The United Nations has tried, not too persuasively, to argue that rapid
global ageing is a cause for celebration notwithstanding the challenges to be
met. Its Population Fund (UNFPA) prefers to see a silver lining of rising life
expectancy in the dark demographic cloud - one in nine people in the world is
60 or older, a ratio to rise to one in five by 2050. Developing world
populations are growing old more quickly than those elsewhere.
Singapore, certainly, must take
the problem more seriously than all of its neighbours in South-east Asia. With
15.5 per cent of its population above 60 this year, a proportion projected to
rise to 37.8 per cent by 2050, it is the most acute case. Only Thailand comes close,
behind by about 2 per cent currently. Those above 60 form a bigger population
segment in Japan, Hong Kong and South Korea, with all growing old at a
comparable speed. Other developed countries - the United States, Canada,
Australia, New Zealand and almost all European nations - have an even bigger
proportion of seniors than Singapore does.
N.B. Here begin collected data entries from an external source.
Definition adjE6 (i j : nat) : bool :=
  [|| (i == 1%N) && (j == 3%N), (i == 3%N) && (j == 1%N),
      (i == 3%N) && (j == 4%N), (i == 4%N) && (j == 3%N),
      (i == 4%N) && (j == 5%N), (i == 5%N) && (j == 4%N),
      (i == 5%N) && (j == 6%N), (i == 6%N) && (j == 5%N),
      (i == 2%N) && (j == 4%N) | (i == 4%N) && (j == 2%N)].

Definition nodeE6 (i : nat) : bool := (1 <= i <= 6)%N.

Record BrE6_relations (A : pzRingType) (d : A) (R E : nat -> A) : Prop := {
  e6_rr : forall i, nodeE6 i -> R i * R i = 1;
  e6_re : forall i, nodeE6 i -> R i * E i = E i;
  e6_er : forall i, nodeE6 i -> E i * R i = E i;
  e6_ee : forall i, nodeE6 i -> E i * E i = d * E i;
  e6_comm_rr : forall i j, nodeE6 i -> nodeE6 j -> i != j -> ~~ adjE6 i j ->
      R i * R j = R j * R i;
  e6_comm_er : forall i j, nodeE6 i -> nodeE6 j -> i != j -> ~~ adjE6 i j ->
      E i * R j = R j * E i;
  e6_comm_ee : forall i j, nodeE6 i -> nodeE6 j -> i != j -> ~~ adjE6 i j ->
      E i * E j = E j * E i;
  e6_braid : forall i j, adjE6 i j -> R i * R j * R i = R j * R i * R j;
  e6_rre : forall i j, adjE6 i j -> R j * R i * E j = E i * E j;
  e6_rer : forall i j, adjE6 i j -> R i * E j * R i = R j * E i * R j
}.

Definition nodeF4 (i : nat) : bool := (1 <= i <= 4)%N.

Definition commF4 (i j : nat) : bool :=
  [|| (i == 1%N) && (j == 3%N), (i == 3%N) && (j == 1%N),
      (i == 1%N) && (j == 4%N), (i == 4%N) && (j == 1%N),
      (i == 2%N) && (j == 4%N) | (i == 4%N) && (j == 2%N)].

Definition simplyLacedF4 (i j : nat) : bool :=
  [|| (i == 1%N) && (j == 2%N), (i == 2%N) && (j == 1%N),
      (i == 3%N) && (j == 4%N) | (i == 4%N) && (j == 3%N)].

Record BrF4_relations (A : pzRingType) (d : A) (r e : nat -> A) : Prop := {
  f4_rr : forall i, nodeF4 i -> r i * r i = 1;
  f4_re : forall i, nodeF4 i -> r i * e i = e i;
  f4_er : forall i, nodeF4 i -> e i * r i = e i;
  f4_ee_short : forall i, (i == 3%N) || (i == 4%N) -> e i * e i = d * e i;
  f4_ee_long : forall i, (i == 1%N) || (i == 2%N) -> e i * e i = d ^+ 2 * e i;
  f4_comm_rr : forall i j, commF4 i j -> r i * r j = r j * r i;
  f4_comm_er : forall i j, commF4 i j -> e i * r j = r j * e i;
  f4_comm_ee : forall i j, commF4 i j -> e i * e j = e j * e i;
  f4_braid : forall i j, simplyLacedF4 i j -> r i * r j * r i = r j * r i * r j;
  f4_rre : forall i j, simplyLacedF4 i j -> r j * r i * e j = e i * e j;
  f4_rer : forall i j, simplyLacedF4 i j -> r i * e j * r i = r j * e i * r j;
  f4_braid4 : r 2%N * r 3%N * r 2%N * r 3%N = r 3%N * r 2%N * r 3%N * r 2%N;
  f4_x1 : r 2%N * r 3%N * e 2%N = r 3%N * e 2%N;
  f4_x2 : r 2%N * e 3%N * r 2%N * e 3%N = e 3%N * e 2%N * e 3%N;
  f4_x3 : (r 2%N * r 3%N * r 2%N) * e 3%N = e 3%N * (r 2%N * r 3%N * r 2%N);
  f4_x4 : e 2%N * r 3%N * e 2%N = d * e 2%N;
  f4_x5 : e 2%N * e 3%N * e 2%N = d * e 2%N;
  f4_x6 : e 2%N * r 3%N * r 2%N = e 2%N * r 3%N;
  f4_x7 : e 2%N * e 3%N * r 2%N = e 2%N * e 3%N
}.

Definition phi_r (A : pzRingType) (R : nat -> A) (i : nat) : A :=
  match i with
  | 1 => R 1%N * R 6%N
  | 2 => R 3%N * R 5%N
  | 3 => R 4%N
  | 4 => R 2%N
  | _ => 0
  end.

Definition phi_e (A : pzRingType) (E : nat -> A) (i : nat) : A :=
  match i with
  | 1 => E 1%N * E 6%N
  | 2 => E 3%N * E 5%N
  | 3 => E 4%N
  | 4 => E 2%N
  | _ => 0
  end.

(* The long simple roots of F4 are obtained from E6 by folding along its
   diagram automorphism: nodes 1, 2 of F4 become the orbits {1, 6}, {3, 5},
   and the short nodes 3, 4 are the fixed nodes 4, 2.  The image of a long
   generator is a product of two commuting copies of an E6 generator, so every
   simply-laced relation among long nodes holds factorwise.  The relations of
   F4 that mix lengths only involve the path 3 - 4 - 5 of E6 with 3, 5
   orthogonal, i.e. a folding of A3 onto B2, and are checked by rewriting
   words in the Brauer relations of E6. *)
From HB Require Import structures.
From mathcomp Require Import all_boot all_order all_algebra.
Import GRing.Theory.
Local Open Scope ring_scope.

Lemma subword2 {A : pzRingType} {a b c : A} :
  a * b = c -> forall p, p * a * b = p * c.
Proof. by move=> <- p; rewrite mulrA. Qed.

Lemma subword3 {A : pzRingType} {a b c x : A} :
  a * b * c = x -> forall p, p * a * b * c = p * x.
Proof. by move=> <- p; rewrite !mulrA. Qed.

(* [rewrite_word h], for [h : w = w'], brings the goal to left-associated form
   and rewrites the rightmost occurrence of the word [w] in its left-hand side,
   then drops the factors 1. *)
Ltac rewrite_word h :=
  rewrite ?mulrA;
  first [ rewrite [in LHS](subword3 h) | rewrite [in LHS](subword2 h)
        | rewrite [in LHS]h ];
  rewrite ?mulrA ?mulr1 ?mul1r.

Section Words.
Variable A : pzRingType.
Implicit Types a b c s t u w x : A.

Lemma mulrACA_comm a a' b b' : GRing.comm b a' ->
  a * a' * (b * b') = a * b * (a' * b').
Proof. by move=> ba'; rewrite -!mulrA (mulrA a') -ba' !mulrA. Qed.

Lemma mulrACA3_comm a a' b b' c c' :
  GRing.comm b a' -> GRing.comm c a' -> GRing.comm c b' ->
  a * a' * (b * b') * (c * c') = a * b * c * (a' * b' * c').
Proof.
move=> ba' ca' cb'; rewrite (mulrACA_comm a a') // mulrACA_comm //.
exact: commrM.
Qed.

Lemma commr_involution_conj w x : w * w = 1 -> w * x * w = x -> GRing.comm w x.
Proof. by move=> ww wxw; rewrite /GRing.comm -{2}wxw -mulrA ww mulr1. Qed.

Lemma braid4_commuting_pair s t u : s * t = t * s ->
  s * u * s = u * s * u -> t * u * t = u * t * u ->
  s * t * u * (s * t) * u = u * (s * t) * u * (s * t).
Proof.
move=> st sus tut.
rewrite_word st; rewrite_word tut; rewrite_word (esym sus); rewrite_word (esym st).
rewrite_word sus; rewrite_word (esym tut); by rewrite_word (esym st).
Qed.

End Words.

Section Doubling.
Context {A : pzRingType} {r1 e1 r2 e2 s1 f1 s2 f2 : A}.
Hypothesis copies_commute :
  {in [:: r1; e1; r2; e2] & [:: s1; f1; s2; f2], forall u v, GRing.comm u v}.

Local Ltac copies := solve [ apply: copies_commute; by rewrite !inE eqxx ?orbT
  | apply: commr_sym; apply: copies_commute; by rewrite !inE eqxx ?orbT ].

Lemma doubled_rr : r1 * r1 = 1 -> s1 * s1 = 1 -> r1 * s1 * (r1 * s1) = 1.
Proof. by move=> rr ss; rewrite mulrACA_comm ?rr ?ss ?mulr1 //; copies. Qed.

Lemma doubled_re : r1 * e1 = e1 -> s1 * f1 = f1 -> r1 * s1 * (e1 * f1) = e1 * f1.
Proof. by move=> re sf; rewrite mulrACA_comm ?re ?sf //; copies. Qed.

Lemma doubled_er : e1 * r1 = e1 -> f1 * s1 = f1 -> e1 * f1 * (r1 * s1) = e1 * f1.
Proof. by move=> er fs; rewrite mulrACA_comm ?er ?fs //; copies. Qed.

Lemma doubled_ee d : GRing.comm e1 d -> e1 * e1 = d * e1 -> f1 * f1 = d * f1 ->
  e1 * f1 * (e1 * f1) = d ^+ 2 * (e1 * f1).
Proof.
move=> e1d ee ff; rewrite mulrACA_comm ?ee ?ff; last by copies.
by rewrite -mulrA (mulrA e1) e1d expr2 !mulrA.
Qed.

Lemma doubled_braid : r1 * r2 * r1 = r2 * r1 * r2 -> s1 * s2 * s1 = s2 * s1 * s2 ->
  r1 * s1 * (r2 * s2) * (r1 * s1) = r2 * s2 * (r1 * s1) * (r2 * s2).
Proof. by move=> rb sb; rewrite !mulrACA3_comm ?rb ?sb //; copies. Qed.

Lemma doubled_rre : r2 * r1 * e2 = e1 * e2 -> s2 * s1 * f2 = f1 * f2 ->
  r2 * s2 * (r1 * s1) * (e2 * f2) = e1 * f1 * (e2 * f2).
Proof.
move=> rre sff; rewrite mulrACA3_comm ?rre ?sff; try copies.
by rewrite [in RHS]mulrACA_comm //; copies.
Qed.

Lemma doubled_rer : r1 * e2 * r1 = r2 * e1 * r2 -> s1 * f2 * s1 = s2 * f1 * s2 ->
  r1 * s1 * (e2 * f2) * (r1 * s1) = r2 * s2 * (e1 * f1) * (r2 * s2).
Proof. by move=> rer sfs; rewrite !mulrACA3_comm ?rer ?sfs //; copies. Qed.

End Doubling.

Lemma adjE6C i j : adjE6 i j = adjE6 j i.
Proof.
by case: i => [|[|[|[|[|[|[|i]]]]]]]; case: j => [|[|[|[|[|[|[|j]]]]]]].
Qed.

Lemma adjE6_node i j : adjE6 i j -> nodeE6 i.
Proof.
by case: i => [|[|[|[|[|[|[|i]]]]]]]; case: j => [|[|[|[|[|[|[|j]]]]]]].
Qed.

Definition farE6 i j := [&& nodeE6 i, nodeE6 j, i != j & ~~ adjE6 i j].

Lemma farE6C i j : farE6 i j = farE6 j i.
Proof. by rewrite /farE6 adjE6C eq_sym andbCA. Qed.

Section BrauerE6.
Context {A : pzRingType} {d : A} {R E : nat -> A} (HE6 : BrE6_relations d R E).

Section Far.
Context {i j : nat} (ij : farE6 i j).

Lemma far_RR : R i * R j = R j * R i.
Proof. by case/and4P: ij => *; apply: (e6_comm_rr HE6). Qed.

Lemma far_ER : E i * R j = R j * E i.
Proof. by case/and4P: ij => *; apply: (e6_comm_er HE6). Qed.

Lemma far_EE : E i * E j = E j * E i.
Proof. by case/and4P: ij => *; apply: (e6_comm_ee HE6). Qed.

End Far.

Lemma far_RE {i j} : farE6 i j -> R i * E j = E j * R i.
Proof. by rewrite farE6C => /far_ER ->. Qed.

Local Ltac commute_far :=
  first [exact: far_RR | exact: far_RE | exact: far_ER | exact: far_EE].

Lemma far_copies_commute a a' b b' :
  farE6 a a' -> farE6 a b' -> farE6 b a' -> farE6 b b' ->
  {in [:: R a; E a; R b; E b] & [:: R a'; E a'; R b'; E b'],
    forall u v, GRing.comm u v}.
Proof.
by move=> ? ? ? ? u v; rewrite !inE => /or4P[]/eqP-> /or4P[]/eqP->; commute_far.
Qed.

Section Adjacent.
Context {i j : nat} (ij : adjE6 i j).
Let ji : adjE6 j i. Proof. by rewrite adjE6C. Qed.
Let ni : nodeE6 i. Proof. exact: adjE6_node ij. Qed.
Let nj : nodeE6 j. Proof. exact: adjE6_node ji. Qed.

Lemma adj_EEE : E i * E j * E i = E i.
Proof.
rewrite -(e6_rre HE6 ij) -mulrA -(e6_rre HE6 ji) !mulrA.
by rewrite_word (e6_rr HE6 ni); rewrite (e6_rr HE6 nj) mul1r.
Qed.

Lemma adj_REE : R j * E i * E j = R i * E j.
Proof. by rewrite -mulrA -(e6_rre HE6 ij) !mulrA (e6_rr HE6 nj) mul1r. Qed.

Lemma adj_ERR : E j * R i * R j = E j * E i.
Proof.
have -> : E j * R i = R i * (R j * E i * R j).
  by rewrite -(e6_rer HE6 ij) !mulrA (e6_rr HE6 ni) mul1r.
by rewrite -!mulrA (e6_rr HE6 nj) mulr1 !mulrA (e6_rre HE6 ji).
Qed.

Lemma adj_EER : E j * E i * R j = E j * R i.
Proof. by rewrite -adj_ERR -!mulrA (e6_rr HE6 nj) mulr1. Qed.

End Adjacent.

Section A3Folding.
Context (a b c : nat) (ab : adjE6 a b) (bc : adjE6 b c) (ac : farE6 a c).
Let ba : adjE6 b a. Proof. by rewrite adjE6C. Qed.
Let cb : adjE6 c b. Proof. by rewrite adjE6C. Qed.
Let ca : farE6 c a. Proof. by rewrite farE6C. Qed.
Let na : nodeE6 a. Proof. exact: adjE6_node ab. Qed.
Let nb : nodeE6 b. Proof. exact: adjE6_node bc. Qed.
Let nc : nodeE6 c. Proof. exact: adjE6_node cb. Qed.

Local Notation s := (R a * R c).
Local Notation t := (E a * E c).

Lemma fold_braid4 : s * R b * s * R b = R b * s * R b * s.
Proof. exact: braid4_commuting_pair (far_RR ac) (e6_braid HE6 ab) (e6_braid HE6 cb). Qed.

Lemma fold_sRt : s * R b * t = R b * t.
Proof.
rewrite_word (far_RR ac); rewrite_word (e6_rre HE6 ba); rewrite_word (far_EE ac).
by rewrite_word (adj_REE bc); rewrite_word (far_EE ca).
Qed.

Lemma fold_sEsE : s * E b * s * E b = E b * t * E b.
Proof.
rewrite_word (far_RR ac); rewrite_word (e6_rer HE6 cb); rewrite_word (e6_rre HE6 ab).
by rewrite_word (far_EE ca); rewrite_word (e6_rre HE6 ba).
Qed.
This offers Singapore a chance to
learn from the experiences of such developed nations. UNFPA has summarised
necessary, if obvious, lessons: Prepare government, civil society, private
sector, communities and families for the inevitability of population ageing by
enhancing understanding, strengthening capacity, and implementing essential
social, economic and political reforms. In practice, Singapore copes in its own
way. It is trying to offset the declining ratio of workers to retirees with a
holistic combination of policy options - use foreign labour, enhance fertility,
raise productivity, encourage women and seniors to continue working, and so on.
UNFPA is realistic in assessing
that some of these steps "are not likely to compensate for population
ageing". The disappointing response to Baby Bonus incentives suggests that
"the scope for increasing fertility is also only limited", as it
noted. Immigration measures that succeed in attracting foreign talent have led
to unhappiness over overcrowding, higher prices, and social integration issues.
Yet, unlike Japan, which has the
world's oldest population, Singapore has not refrained from tapping immigrants
to make up the labour shortfall. Japan seems unlikely to change mindsets to
embrace diversity that immigration brings, and abandon exclusionary notions of
ethnic homogeneity - at least not by 2050, when it will have lost a third of
its 127 million population.
Tough choices await Japan,
Singapore and other countries. If a silver glimmer is to appear as the world
swiftly ages, a change in public attitudes will be critical.